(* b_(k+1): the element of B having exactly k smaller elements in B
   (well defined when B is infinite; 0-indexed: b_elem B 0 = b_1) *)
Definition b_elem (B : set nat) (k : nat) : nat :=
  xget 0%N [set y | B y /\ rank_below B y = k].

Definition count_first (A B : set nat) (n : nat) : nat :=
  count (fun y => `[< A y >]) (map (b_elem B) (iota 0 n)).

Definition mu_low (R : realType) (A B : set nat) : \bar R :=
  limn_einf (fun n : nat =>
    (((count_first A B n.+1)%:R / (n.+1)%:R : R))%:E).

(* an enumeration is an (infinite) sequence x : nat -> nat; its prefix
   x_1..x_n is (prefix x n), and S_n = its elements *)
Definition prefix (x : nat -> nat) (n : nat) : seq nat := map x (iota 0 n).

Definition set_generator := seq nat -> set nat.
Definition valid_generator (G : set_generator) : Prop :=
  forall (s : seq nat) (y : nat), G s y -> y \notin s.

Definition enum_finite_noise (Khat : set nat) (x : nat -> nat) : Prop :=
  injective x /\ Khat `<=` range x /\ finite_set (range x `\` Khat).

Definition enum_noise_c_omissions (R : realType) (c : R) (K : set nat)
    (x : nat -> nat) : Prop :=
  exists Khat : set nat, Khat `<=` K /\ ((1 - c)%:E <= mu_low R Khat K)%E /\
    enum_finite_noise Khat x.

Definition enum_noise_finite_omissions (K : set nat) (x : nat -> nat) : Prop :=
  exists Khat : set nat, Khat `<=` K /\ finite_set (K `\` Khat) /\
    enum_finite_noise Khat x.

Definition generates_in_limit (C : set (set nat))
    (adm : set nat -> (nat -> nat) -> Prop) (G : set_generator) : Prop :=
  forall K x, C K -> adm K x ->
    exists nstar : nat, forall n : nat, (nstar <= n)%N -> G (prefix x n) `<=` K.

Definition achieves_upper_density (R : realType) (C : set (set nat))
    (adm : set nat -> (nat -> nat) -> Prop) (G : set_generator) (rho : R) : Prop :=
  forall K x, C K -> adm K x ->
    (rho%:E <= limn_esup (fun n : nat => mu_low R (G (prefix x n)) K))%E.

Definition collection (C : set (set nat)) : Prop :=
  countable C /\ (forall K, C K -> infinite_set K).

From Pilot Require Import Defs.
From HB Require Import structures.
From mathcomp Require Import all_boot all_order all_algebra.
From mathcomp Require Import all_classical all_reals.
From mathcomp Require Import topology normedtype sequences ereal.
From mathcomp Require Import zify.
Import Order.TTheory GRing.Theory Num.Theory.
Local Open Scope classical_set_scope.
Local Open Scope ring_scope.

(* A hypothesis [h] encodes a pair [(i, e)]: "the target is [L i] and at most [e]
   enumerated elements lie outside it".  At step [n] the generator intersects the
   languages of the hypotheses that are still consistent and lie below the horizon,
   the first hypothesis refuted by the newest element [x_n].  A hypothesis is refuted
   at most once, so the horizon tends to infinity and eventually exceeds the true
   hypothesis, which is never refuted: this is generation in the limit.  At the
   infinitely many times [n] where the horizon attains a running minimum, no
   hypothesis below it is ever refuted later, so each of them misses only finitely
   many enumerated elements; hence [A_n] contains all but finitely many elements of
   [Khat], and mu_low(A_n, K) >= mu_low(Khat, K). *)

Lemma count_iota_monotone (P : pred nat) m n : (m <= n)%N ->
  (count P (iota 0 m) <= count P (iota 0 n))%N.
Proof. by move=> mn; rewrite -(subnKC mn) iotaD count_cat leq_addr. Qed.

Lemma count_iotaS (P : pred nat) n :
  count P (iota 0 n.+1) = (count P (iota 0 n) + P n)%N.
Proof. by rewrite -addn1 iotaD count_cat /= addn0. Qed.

*****

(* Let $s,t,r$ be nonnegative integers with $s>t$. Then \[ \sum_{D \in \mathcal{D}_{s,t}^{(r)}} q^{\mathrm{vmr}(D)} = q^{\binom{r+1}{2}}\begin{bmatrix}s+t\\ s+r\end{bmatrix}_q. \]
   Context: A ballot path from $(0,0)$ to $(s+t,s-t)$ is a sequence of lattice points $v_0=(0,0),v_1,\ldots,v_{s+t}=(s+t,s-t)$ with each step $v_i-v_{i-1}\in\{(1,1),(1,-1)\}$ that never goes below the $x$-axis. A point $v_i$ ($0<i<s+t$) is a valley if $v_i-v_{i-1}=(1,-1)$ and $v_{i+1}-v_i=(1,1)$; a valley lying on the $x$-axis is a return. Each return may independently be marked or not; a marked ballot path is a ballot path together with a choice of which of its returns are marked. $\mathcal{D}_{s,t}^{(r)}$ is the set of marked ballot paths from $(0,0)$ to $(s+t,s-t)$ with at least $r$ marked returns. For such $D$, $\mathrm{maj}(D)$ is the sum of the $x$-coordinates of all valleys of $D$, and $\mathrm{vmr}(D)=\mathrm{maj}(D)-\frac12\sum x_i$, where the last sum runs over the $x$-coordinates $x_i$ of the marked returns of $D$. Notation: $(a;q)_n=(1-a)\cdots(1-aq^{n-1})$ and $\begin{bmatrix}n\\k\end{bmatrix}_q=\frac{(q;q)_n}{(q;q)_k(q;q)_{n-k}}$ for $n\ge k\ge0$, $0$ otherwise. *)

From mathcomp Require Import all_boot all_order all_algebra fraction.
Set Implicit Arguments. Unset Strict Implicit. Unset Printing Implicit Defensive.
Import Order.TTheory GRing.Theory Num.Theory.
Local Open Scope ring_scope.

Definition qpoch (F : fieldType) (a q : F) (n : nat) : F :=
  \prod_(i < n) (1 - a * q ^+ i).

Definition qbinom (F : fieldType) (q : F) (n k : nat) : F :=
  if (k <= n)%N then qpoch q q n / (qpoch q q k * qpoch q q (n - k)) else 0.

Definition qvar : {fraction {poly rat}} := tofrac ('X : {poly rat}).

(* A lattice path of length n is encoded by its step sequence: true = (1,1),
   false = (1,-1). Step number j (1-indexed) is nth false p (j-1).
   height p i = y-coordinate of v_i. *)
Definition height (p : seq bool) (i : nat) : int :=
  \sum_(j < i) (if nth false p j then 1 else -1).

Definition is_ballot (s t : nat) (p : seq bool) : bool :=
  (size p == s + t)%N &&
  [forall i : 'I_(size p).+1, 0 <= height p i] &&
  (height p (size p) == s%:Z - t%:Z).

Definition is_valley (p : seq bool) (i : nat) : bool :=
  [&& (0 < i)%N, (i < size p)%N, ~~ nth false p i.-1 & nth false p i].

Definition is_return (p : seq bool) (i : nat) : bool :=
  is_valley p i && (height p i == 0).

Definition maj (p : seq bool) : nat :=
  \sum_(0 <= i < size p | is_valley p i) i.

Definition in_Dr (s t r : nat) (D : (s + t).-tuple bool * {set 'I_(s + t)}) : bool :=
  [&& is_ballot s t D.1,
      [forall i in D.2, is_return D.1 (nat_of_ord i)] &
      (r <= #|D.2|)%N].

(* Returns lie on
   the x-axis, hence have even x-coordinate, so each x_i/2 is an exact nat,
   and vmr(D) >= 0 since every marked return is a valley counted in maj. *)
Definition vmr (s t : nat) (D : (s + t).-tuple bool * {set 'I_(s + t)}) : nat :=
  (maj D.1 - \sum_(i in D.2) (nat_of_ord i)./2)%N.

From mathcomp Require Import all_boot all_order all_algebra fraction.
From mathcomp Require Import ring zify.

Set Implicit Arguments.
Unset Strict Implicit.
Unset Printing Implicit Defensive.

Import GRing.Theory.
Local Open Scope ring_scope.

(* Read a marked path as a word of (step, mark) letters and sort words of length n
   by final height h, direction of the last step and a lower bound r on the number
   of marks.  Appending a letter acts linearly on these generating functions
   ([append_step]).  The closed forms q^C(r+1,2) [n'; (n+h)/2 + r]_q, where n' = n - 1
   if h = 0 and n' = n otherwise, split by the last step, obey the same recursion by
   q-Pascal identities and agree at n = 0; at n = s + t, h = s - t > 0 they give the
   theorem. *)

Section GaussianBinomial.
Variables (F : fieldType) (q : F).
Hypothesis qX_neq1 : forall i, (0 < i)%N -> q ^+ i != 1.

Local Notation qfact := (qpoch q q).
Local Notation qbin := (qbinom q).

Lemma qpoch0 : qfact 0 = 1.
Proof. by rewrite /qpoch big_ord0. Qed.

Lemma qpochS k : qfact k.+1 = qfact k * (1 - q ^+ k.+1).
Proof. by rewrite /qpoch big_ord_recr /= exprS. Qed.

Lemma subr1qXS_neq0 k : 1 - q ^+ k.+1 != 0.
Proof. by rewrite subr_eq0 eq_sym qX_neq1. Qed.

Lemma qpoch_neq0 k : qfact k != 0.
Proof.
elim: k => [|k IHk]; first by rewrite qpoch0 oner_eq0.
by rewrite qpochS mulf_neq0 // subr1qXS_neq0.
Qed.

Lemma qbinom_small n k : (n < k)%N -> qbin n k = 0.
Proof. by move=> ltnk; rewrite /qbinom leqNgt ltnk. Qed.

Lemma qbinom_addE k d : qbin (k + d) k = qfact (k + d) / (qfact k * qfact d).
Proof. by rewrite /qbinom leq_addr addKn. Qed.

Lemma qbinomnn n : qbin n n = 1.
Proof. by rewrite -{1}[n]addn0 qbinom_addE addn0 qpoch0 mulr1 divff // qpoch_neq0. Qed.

*****

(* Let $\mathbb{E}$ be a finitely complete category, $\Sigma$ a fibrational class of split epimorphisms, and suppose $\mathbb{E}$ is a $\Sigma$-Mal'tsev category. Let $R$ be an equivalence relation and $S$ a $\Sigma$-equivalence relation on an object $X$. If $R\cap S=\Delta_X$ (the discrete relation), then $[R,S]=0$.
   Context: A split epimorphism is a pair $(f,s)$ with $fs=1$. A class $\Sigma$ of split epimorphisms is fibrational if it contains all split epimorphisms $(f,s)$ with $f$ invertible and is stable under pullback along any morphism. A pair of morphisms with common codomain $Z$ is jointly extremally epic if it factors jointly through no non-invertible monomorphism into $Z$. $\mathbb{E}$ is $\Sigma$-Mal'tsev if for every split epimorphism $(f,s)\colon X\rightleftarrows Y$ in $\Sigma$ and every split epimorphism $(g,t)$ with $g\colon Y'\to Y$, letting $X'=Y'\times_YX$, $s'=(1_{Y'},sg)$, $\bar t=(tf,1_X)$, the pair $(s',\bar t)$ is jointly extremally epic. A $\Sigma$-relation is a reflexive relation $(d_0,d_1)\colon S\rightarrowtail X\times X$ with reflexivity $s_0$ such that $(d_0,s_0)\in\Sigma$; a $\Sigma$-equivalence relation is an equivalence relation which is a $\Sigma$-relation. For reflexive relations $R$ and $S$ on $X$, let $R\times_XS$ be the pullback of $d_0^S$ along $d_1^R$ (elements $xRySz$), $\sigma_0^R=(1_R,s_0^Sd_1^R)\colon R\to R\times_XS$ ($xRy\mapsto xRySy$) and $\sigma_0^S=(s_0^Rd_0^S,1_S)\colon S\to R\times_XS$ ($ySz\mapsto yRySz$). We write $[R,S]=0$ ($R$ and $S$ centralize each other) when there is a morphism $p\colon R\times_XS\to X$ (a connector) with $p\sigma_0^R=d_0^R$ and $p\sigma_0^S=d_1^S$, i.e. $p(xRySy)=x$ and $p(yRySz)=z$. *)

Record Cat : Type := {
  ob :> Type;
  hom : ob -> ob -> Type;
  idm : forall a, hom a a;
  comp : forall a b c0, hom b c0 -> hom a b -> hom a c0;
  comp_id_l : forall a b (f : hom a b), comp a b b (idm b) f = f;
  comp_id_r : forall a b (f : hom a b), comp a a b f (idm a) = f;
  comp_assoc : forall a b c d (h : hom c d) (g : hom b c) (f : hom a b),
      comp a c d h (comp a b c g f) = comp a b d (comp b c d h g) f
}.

*****

#### What the task requires:
Please, from the material above, copy only the lines from the line with "(* Read a marked" up to and including the line with "where n' = n - 1", exactly as written.

#### Result of the exercise:
(* Read a marked path as a word of (step, mark) letters and sort words of length n
   by final height h, direction of the last step and a lower bound r on the number
   of marks.  Appending a letter acts linearly on these generating functions
   ([append_step]).  The closed forms q^C(r+1,2) [n'; (n+h)/2 + r]_q, where n' = n - 1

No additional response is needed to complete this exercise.